Distributed leadership
In both areas, reorganizing stroke services was supported by many clinicians because it was an opportunity for service investment and to gain further recognition as a profession distinct from geriatric medicine: ‘[clinicians] felt that stroke was a sort of a Cinderella service, that very little investment had been made in stroke. They saw that additional money was coming’ (Stroke network board member). Local clinical leaders’ endorsement of centralization generated wider support. In Manchester, change leaders used distributed leadership in relying on stroke physicians convincing others that centralization was necessary: ‘a lot of it was around peer support and, whether they liked it or not, those antagonists respected some of the lead stroke clinicians that were there around the table’ (Stroke network board member). While clinical leadership was visible in both areas, there were differences in designated leadership and how this was used to capitalize on distributed leadership.
Designated leadership
In London, designated leadership was easier to exercise than in Manchester because programme leaders possessed greater political authority to manage stakeholders’ resistance to change. Programme leaders were members of the pan-regional authority which oversaw changes to stroke services as part of a wider review of health services (Figure 1). This structure ensured that the model proposed by the project board for centralizing services was implemented: ‘you are the priesthood if you like of the model, so you keep the fidelity to the model that’s being described and only with your ‘say so’ can people deviate from it’ (pan-regional health authority member).
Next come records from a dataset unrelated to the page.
(* Let $\mathbb{M}$ be a weight sequence with sequence of quotients $\mathbf{m}$. Then $\beta(\mathbf{m})=\frac{1}{\alpha(\nu_{\mathbf{m}})}$ and $\alpha(\mathbf{m})=\frac{1}{\beta(\nu_{\mathbf{m}})}$ (with the conventions $1/0=\infty$, $1/\infty=0$).
   Context: A weight sequence is $\mathbb{M}=(M_p)_{p\in\mathbb{N}_0}$ of positive reals with $M_0=1$, $M_p^2\le M_{p-1}M_{p+1}$ ($p\ge1$) and $M_p^{1/p}\to\infty$; $m_p=M_{p+1}/M_p$. $\nu_{\mathbf{m}}(t):=\#\{j\in\mathbb{N}_0:m_j\le t\}$ for $t>0$. For a positive measurable $f$ on $[A,\infty)$: $\alpha(f):=\inf\{\alpha:\exists C_\alpha>0\ \forall\Lambda>1,\ \limsup_{x\to\infty}\sup_{\lambda\in[1,\Lambda]}\frac{f(\lambda x)}{\lambda^{\alpha}f(x)}\le C_\alpha\}$ and $\beta(f):=\sup\{\beta:\exists D_\beta>0\ \forall\Lambda>1,\ \liminf_{x\to\infty}\inf_{\lambda\in[1,\Lambda]}\frac{f(\lambda x)}{\lambda^{\beta}f(x)}\ge D_\beta\}$ ($\inf\emptyset=\infty$, $\sup\emptyset=-\infty$); for $\nu_{\mathbf{m}}$ these are computed on $[m_0,\infty)$. For the sequence $\mathbf{m}$, $\alpha(\mathbf{m}),\beta(\mathbf{m})$ are these indices of the step function $f(x)=m_{\lfloor x\rfloor-1}$, $x\ge1$. *)

From HB Require Import structures.
From mathcomp Require Import all_boot all_order all_algebra.
From mathcomp Require Import all_classical all_reals all_analysis.
Set Implicit Arguments. Unset Strict Implicit. Unset Printing Implicit Defensive.
Import Order.TTheory GRing.Theory Num.Theory.
Import numFieldNormedType.Exports.
Local Open Scope classical_set_scope.
Local Open Scope ring_scope.

Section Defs.
Variable R : realType.

Definition weight_sequence (M : nat -> R) : Prop :=
  [/\ M 0%N = 1,
      (forall p, 0 < M p),
      (forall p, (1 <= p)%N -> M p ^+ 2 <= M p.-1 * M p.+1)
    & (fun p : nat => M p `^ (p%:R)^-1) @ \oo --> +oo].

Definition quotients (M : nat -> R) (p : nat) : R := M p.+1 / M p.

(* nu_m(t) = #{ j in N_0 : m_j <= t } (finite for weight sequences) *)
Definition nu (m : nat -> R) (t : R) : R :=
  fine (counting [set j : nat | m j <= t]).

(* step function x |-> m_{floor(x) - 1} (relevant for x >= 1) *)
Definition seqfun (m : nat -> R) (x : R) : R := m (Num.truncn x).-1.

Definition limsup_infty (g : R -> \bar R) : \bar R :=
  ereal_inf [set ereal_sup (g @` [set x | X <= x]) | X in [set: R]].
Definition liminf_infty (g : R -> \bar R) : \bar R :=
  ereal_sup [set ereal_inf (g @` [set x | X <= x]) | X in [set: R]].

Definition ratio_sup (f : R -> R) (a Lam x : R) : \bar R :=
  ereal_sup [set ((f (l * x)) / (l `^ a * f x))%:E | l in `[1, Lam]].
Definition ratio_inf (f : R -> R) (a Lam x : R) : \bar R :=
  ereal_inf [set ((f (l * x)) / (l `^ a * f x))%:E | l in `[1, Lam]].

Definition alpha_idx (f : R -> R) : \bar R :=
  ereal_inf [set a%:E | a in [set a : R | exists2 C : R, 0 < C &
     forall Lam : R, 1 < Lam -> (limsup_infty (ratio_sup f a Lam) <= C%:E)%E]].
Definition beta_idx (f : R -> R) : \bar R :=
  ereal_sup [set b%:E | b in [set b : R | exists2 D : R, 0 < D &
     forall Lam : R, 1 < Lam -> (D%:E <= liminf_infty (ratio_inf f b Lam))%E]].

End Defs.

From HB Require Import structures.
From mathcomp Require Import all_boot all_order all_algebra.
From mathcomp Require Import all_classical all_reals all_analysis.
From mathcomp Require Import ring lra.
Set Implicit Arguments. Unset Strict Implicit. Unset Printing Implicit Defensive.
Import Order.TTheory GRing.Theory Num.Theory.
Local Open Scope classical_set_scope.
Local Open Scope ring_scope.

(* If [m] is positive, nondecreasing and unbounded, the counting function [nu m]
   and the step function [g x = m_(floor x - 1)] are mutually inverse:
   [k <= nu m t] iff [m_(k-1) <= t] for [k >= 1].  Inverting a bound
   [g (l x) <= C l^a g x] (resp. [>=]) through this correspondence yields
   [nu m (l t) >= c l^(1/a) nu m t] (resp. [<=]) for large [t], and conversely.
   So [a > 0] is an admissible upper exponent for one function exactly when
   [1/a] is an admissible lower exponent for the other; since both indices are
   nonnegative and the sets of admissible exponents are intervals, this turns
   into [beta g = 1 / alpha (nu m)] and [alpha g = 1 / beta (nu m)]. *)

Lemma powR_ge1 (R : realType) (x e : R) : 1 <= x -> 0 <= e -> 1 <= x `^ e.
Proof. by move=> x1 e0; rewrite -(powRr0 x) ler_powR. Qed.

Lemma powR_invrK (R : realType) (x e : R) : 0 <= x -> 0 < e -> (x `^ e^-1) `^ e = x.
Proof. by move=> x0 e0; rewrite -powRrM mulVf ?gt_eqF // powRr1. Qed.

Lemma inve_eq_dual (R : realType) (al be : \bar R) :
  (0 <= al)%E -> (0 <= be)%E ->
  (forall s : R, 0 < s -> (al < s%:E)%E -> (s^-1%:E <= be)%E) ->
  (forall b : R, 0 < b -> (b%:E < be)%E -> (al <= b^-1%:E)%E) ->
  be = (al^-1)%E.
Proof.
case: al be => [r| |] [b| |] //; rewrite ?lee_fin => r0 b0 al_lt be_gt.
- have [r_eq0|r_neq0] := eqVneq r 0.
    have b1 : 0 < b + 1 by rewrite ltr_wpDl.
    have := al_lt (b + 1)^-1; rewrite invrK lee_fin lte_fin r_eq0 !invr_gt0.
    by move=> /(_ b1 b1); rewrite gerDl ler10.
  have r_gt0 : 0 < r by rewrite lt_def r_neq0.
  rewrite inver (negbTE r_neq0); congr (_%:E); apply/eqP; rewrite eq_le.
  apply/andP; split; rewrite leNgt; apply/negP => /midf_lt[];
    move: (_ / 2) => c lt_c c_lt.
    have c_gt0 : 0 < c by rewrite (lt_trans _ lt_c) // invr_gt0.
    have := be_gt _ c_gt0; rewrite !lte_fin lee_fin => /(_ c_lt).
    rewrite -[c]invrK ltf_pV2 ?posrE ?invr_gt0 // in lt_c.
    by rewrite leNgt lt_c.
  have c_gt0 : 0 < c by apply: le_lt_trans lt_c.
  have := al_lt c^-1; rewrite invrK !lte_fin lee_fin invr_gt0.
  rewrite -[r]invrK ltf_pV2 ?posrE ?invr_gt0 // => /(_ c_gt0 c_lt).
  by rewrite leNgt lt_c.
- have [->|r_neq0] := eqVneq r 0; first by rewrite inve0.
  have r_gt0 : 0 < r by rewrite lt_def r_neq0.
  have r2_gt0 : 0 < 2 / r by rewrite divr_gt0.
  have := be_gt _ r2_gt0 (ltry _); rewrite lee_fin invf_div ler_pdivlMr //.
  by move=> ?; exfalso; lra.
- have [->|b_neq0] := eqVneq b 0; first by rewrite invey.
  have b_gt0 : 0 < b by rewrite lt_def b_neq0.
  have b2_gt0 : 0 < b / 2 by rewrite divr_gt0.
  have b2_lt : b / 2 < b by lra.
  by have := be_gt _ b2_gt0; rewrite lte_fin => /(_ b2_lt).
- by have := be_gt 1 ltr01 (ltry _).
Qed.

Definition growth_le (R : realType) (f : R -> R) (a : R) :=
  exists2 C : R, 0 < C & forall Lam, 1 < Lam -> exists X, forall x, X <= x ->
    forall l, 1 <= l <= Lam -> f (l * x) <= C * (l `^ a * f x).

Definition growth_ge (R : realType) (f : R -> R) (b : R) :=
  exists2 D : R, 0 < D & forall Lam, 1 < Lam -> exists X, forall x, X <= x ->
    forall l, 1 <= l <= Lam -> D * (l `^ b * f x) <= f (l * x).

Definition nondecr_eventually_pos (R : realType) (f : R -> R) :=
  [/\ forall x, 0 <= f x, {homo f : x y / x <= y}
    & exists X0, forall x, X0 <= x -> 0 < f x].

Section GrowthIndices.
Variables (R : realType) (f : R -> R).
Hypothesis f_reg : nondecr_eventually_pos f.

Let f_ge0 x : 0 <= f x. Proof. by case: f_reg. Qed.
Let f_nondecr : {homo f : x y / x <= y}. Proof. by case: f_reg. Qed.
Let f_eventually_gt0 : exists X0, forall x, X0 <= x -> 0 < f x.
Proof. by case: f_reg. Qed.

Let scaled_gt0 X0 : (forall x, X0 <= x -> 0 < f x) ->
  forall e l x, 1 <= l -> X0 <= x -> 0 < l `^ e * f x.
Proof.
by move=> fX0 e l x l1 xX0; rewrite mulr_gt0 ?fX0 // powR_gt0 // (lt_le_trans ltr01).
Qed.

Lemma alpha_idxE : alpha_idx f = ereal_inf [set a%:E | a in growth_le f].
Proof.
have [X0 fX0] := f_eventually_gt0.
rewrite /alpha_idx; congr (ereal_inf (image _ _)); apply/seteqP; split=> a [C C0 HC].
- exists (2 * C); first by rewrite mulr_gt0.
  move=> Lam Lam1; have : (limsup_infty (ratio_sup f a Lam) < (2 * C)%:E)%E.
    by rewrite (le_lt_trans (HC _ Lam1)) // lte_fin ltr_pMl // ltr1n.
  move=> /ereal_inf_lt[_ [X _ <-]] HX.
  exists (Num.max X X0) => x; rewrite ge_max => /andP[xX xX0] l /andP[l1 lL].
  rewrite -ler_pdivrMr ?(scaled_gt0 fX0) //; apply/ltW; rewrite -lte_fin.
  apply: le_lt_trans HX.
  apply: le_trans (ereal_sup_ubound _); last by exists x.
  by apply: ereal_sup_ubound; exists l => //=; rewrite in_itv /= l1 lL.
- exists C => // Lam Lam1; have [X HX] := HC Lam Lam1.
  apply: le_trans (ereal_inf_lbound _) _; first by exists (Num.max X X0).
  apply/ereal_supP => _ [x /= + <-]; rewrite ge_max => /andP[xX xX0].
  apply/ereal_supP => _ [l /= + <-]; rewrite in_itv /= => /andP[l1 lL].
  by rewrite lee_fin ler_pdivrMr ?(scaled_gt0 fX0) // HX // l1.
Qed.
Planning was shaped by the pan-regional health authority because change was informed by a wider review10 of stroke and other services that had political influence because it was clinically led and demonstrated public support. Selection criteria for HASUs included strategic coherence13 with wider plans to develop major acute hospitals in London with other specialist services (major trauma care) and to ensure patients could reach a HASU by ambulance within 30 min. As clinical recommendations concerning designation were considered alongside hospitals’ fit with these broader criteria, some perceived that a ‘top-down’ approach to decision-making was taken: ‘giving them the model, saying this is what we want to do, and then there was a discussion about it, rather than it coming from the grass roots up’ (stroke network board member).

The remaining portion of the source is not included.